(EXERCISE INPUTS begins)

Definition in_rNP (g : seq expv) (r : R) (v : 'I_d -> R) : Prop :=
  exists u, in_NP g u /\ forall i, v i = r * u i.

(* exponents of the integral closure overline{I^r}: multiples of lattice
   points of r*NP(I) ∩ N^d *)
Definition in_intclos (g : seq expv) (r : R) (c : expv) : Prop :=
  exists a : expv, in_rNP g r (fun i => (a i)%:R) /\ divides a c.

Definition generates (S : seq expv) (J : expv -> Prop) : Prop :=
  forall c, J c <-> has (fun s => divides s c) S.

Definition minimal_generates (S : seq expv) (J : expv -> Prop) : Prop :=
  generates S J /\ forall s, s \in S -> ~ generates [seq t <- S | t != s] J.

Variables (g : seq expv) (r : R).

Definition Vset : seq ipt :=
  [seq [ffun i => Num.ceil (r * ((a i)%:R))] | a : expv <- mingens g].

Definition minV (i : 'I_d) : int :=
  \big[Num.min/ (head 0 [seq (v : ipt) i | v <- Vset])]_(v <- (Vset : seq ipt)) v i.
Definition maxV (i : 'I_d) : int :=
  \big[Num.max/ (head 0 [seq (v : ipt) i | v <- Vset])]_(v <- (Vset : seq ipt)) v i.

Definition in_hype (a : ipt) : bool := [forall i, (minV i <= a i <= maxV i)].

Definition inrNPb (a : ipt) : bool := `[< in_rNP g r (fun i => (a i)%:~R) >].

(* a + c * e_j, coordinates numbered from 0, so e_d is j = d.-1 and
   e_{d-1} is j = d.-2 *)
Definition shift (a : ipt) (j : nat) (c : int) : ipt :=
  [ffun i => if val i == j then a i + c else a i].

Definition toexp (a : ipt) : expv := [ffun i => absz (a i)].

Definition Bnd : nat := \max_(i < d) absz (maxV i).

Definition emit (b : ipt) : seq expv := if inrNPb b then [:: toexp b] else [::].

(* the while loop; [n] is fuel, always sufficient (see loop_fuel) since each
   iteration either decreases a_d or increases a_{d-1}, both confined to
   [0, Bnd] while a stays in hype *)
Fixpoint loop (n : nat) (a b : ipt) : seq expv :=
  match n with
  | 0 => emit b
  | n'.+1 =>
    if in_hype a then
      if inrNPb a then loop n' (shift a d.-1 (-1)) a
      else emit b ++ loop n' (shift a d.-2 1) a
    else emit b
  end.

Definition loop_fuel : nat := 4 * (Bnd.+1).

Definition startpoints : seq ipt :=
  [seq a <- [seq [ffun i => ((f i : nat)%:Z)] | f : {ffun 'I_d -> 'I_(Bnd.+1)}]
     | [&& in_hype a,
           [forall i, (val i == d.-2)%N ==> (a i == minV i)] &
           [forall i, (val i == d.-1)%N ==> (a i == maxV i)]]].

Definition staircase : seq expv :=
  if d == 1%N then [:: [ffun i => absz (minV i)]]
  else flatten [seq loop loop_fuel a a | a <- startpoints].

End Staircase.

(* NP(I) is convex and stable under adding the positive orthant, so the
   lattice points of r NP(I) form an upward-closed set, and each of them lies
   above one in hype(I,r).  For such a point c, the walk from the start point
   sharing the first d - 2 coordinates of c goes down in x_d and right in
   x_{d-1} without ever passing c, so it emits a divisor of x^c.  For d = 2
   there is a single start point, and the emitted exponents strictly increase
   in x_1 and strictly decrease in x_2, so none divides another. *)

From HB Require Import structures.
From mathcomp Require Import all_boot all_order all_algebra.
From mathcomp Require Import boolp reals.
From mathcomp Require Import ring lra zify.
Import Order.TTheory GRing.Theory Num.Theory.
Local Open Scope ring_scope.
Set Implicit Arguments. Unset Strict Implicit.

Section Divisibility.
Variable d : nat.
Implicit Types (a b c e m : expv d) (g S : seq (expv d)).

Lemma divides_refl a : divides a a.
Proof. exact/forallP. Qed.

Lemma divides_trans a b c : divides a b -> divides b c -> divides a c.
Proof.
by move=> /forallP ab /forallP bc; apply/forallP => k; apply: leq_trans (ab k) (bc k).
Qed.

Definition degree a := (\sum_(i < d) a i)%N.

Lemma degree_lt a b : divides a b -> a != b -> (degree a < degree b)%N.
Proof.
move=> /forallP ab neq_ab; have [k neq_k] : exists k, a k != b k.
  apply/existsP; apply: contraNT neq_ab; rewrite negb_exists => /forallP eq_ab.
  by apply/eqP/ffunP => k; apply/eqP/negPn.
have lt_k : (a k < b k)%N by rewrite ltn_neqAle neq_k ab.
rewrite /degree (bigD1 k) // [X in (_ < X)%N](bigD1 k) //= -addSn.
by rewrite leq_add // leq_sum.
Qed.

Lemma in_ideal_divides g a b : in_ideal g a -> divides a b -> in_ideal g b.
Proof. by move=> /hasP[m mg ma] ab; apply/hasP; exists m => //; apply: divides_trans ab. Qed.

Lemma mingens_sub g m : m \in mingens g -> m \in g.
Proof. by rewrite mem_undup mem_filter => /andP[]. Qed.

Lemma mingens_divides g e : in_ideal g e -> exists2 m, m \in mingens g & divides m e.
Proof.
move=> /hasP[b bg be]; suff [m mm mb] : exists2 m, m \in mingens g & divides m b.
  by exists m => //; apply: divides_trans be.
elim: {be}(degree b).+1 {-2}b (ltnSn (degree b)) bg => // n IH {}b lt_bn bg.
case min_b: (has (fun b' => divides b' b && (b' != b)) g); last first.
  by exists b; rewrite ?divides_refl // mem_undup mem_filter min_b bg.
have /hasP[b' b'g /andP[b'b b'_neq]] := min_b.
have [m mm mb'] := IH b' (leq_trans (degree_lt b'b b'_neq) lt_bn) b'g.
by exists m => //; apply: divides_trans b'b.
Qed.

Lemma mingens_neq0 g : g != [::] -> mingens g != [::].
Proof.
case: g => // e g _; have [m mm _] : exists2 m, m \in mingens (e :: g) & divides m e.
  by apply: mingens_divides; apply/hasP; exists e; rewrite ?mem_head ?divides_refl.
by apply: contraTneq mm => ->.
Qed.

Definition mingen_below g e := head e [seq m <- mingens g | divides m e].

Lemma mingen_belowP g e :
  in_ideal g e -> mingen_below g e \in mingens g /\ divides (mingen_below g e) e.
Proof.
move=> /mingens_divides[m mm me]; rewrite /mingen_below.
have : m \in [seq m <- mingens g | divides m e] by rewrite mem_filter me mm.
case E: [seq _ <- _ | _] => [|m' s] //= _.
by have := mem_head m' s; rewrite -E mem_filter => /andP[].
Qed.

Lemma minimal_generates_antichain S (J : expv d -> Prop) :
  generates S J -> {in S &, forall s t, divides s t -> s = t} ->
  minimal_generates S J.
Proof.
move=> genS antiS; split => // s sS genS'.
have Js : J s by apply/(genS s)/hasP; exists s; rewrite ?divides_refl.
have /hasP[t] := (genS' s).1 Js; rewrite mem_filter => /andP[t_neq tS] ts.
by rewrite (antiS t s) ?eqxx in t_neq.
Qed.

End Divisibility.

Section LatticePoints.
Variable d : nat.
Implicit Types (a b c : ipt d) (j k : 'I_d).

Lemma shift_ne a j k x : k != j -> shift a (val j) x k = a k.
Proof. by move=> /negbTE kj; rewrite ffunE (inj_eq val_inj) kj. Qed.

Lemma shift_eq a j x : shift a (val j) x j = a j + x.
Proof. by rewrite ffunE eqxx. Qed.

Lemma shift_down_le a (j : nat) k : shift a j (-1) k <= a k.
Proof. by rewrite ffunE; case: ifP; rewrite ?gerDl. Qed.

Lemma divides_toexp b c :
  (forall k, 0 <= b k) -> (forall k, b k <= c k) -> divides (toexp b) (toexp c).
Proof.
move=> b_ge0 le_bc; apply/forallP => k; rewrite !ffunE.
by have := b_ge0 k; have := le_bc k; lia.
Qed.

End LatticePoints.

(EXERCISE INPUTS ends)

Determine the count of lines in the data above with the string "coordinates" in them, and give that count alone.

REPLY TO THE TASK: 2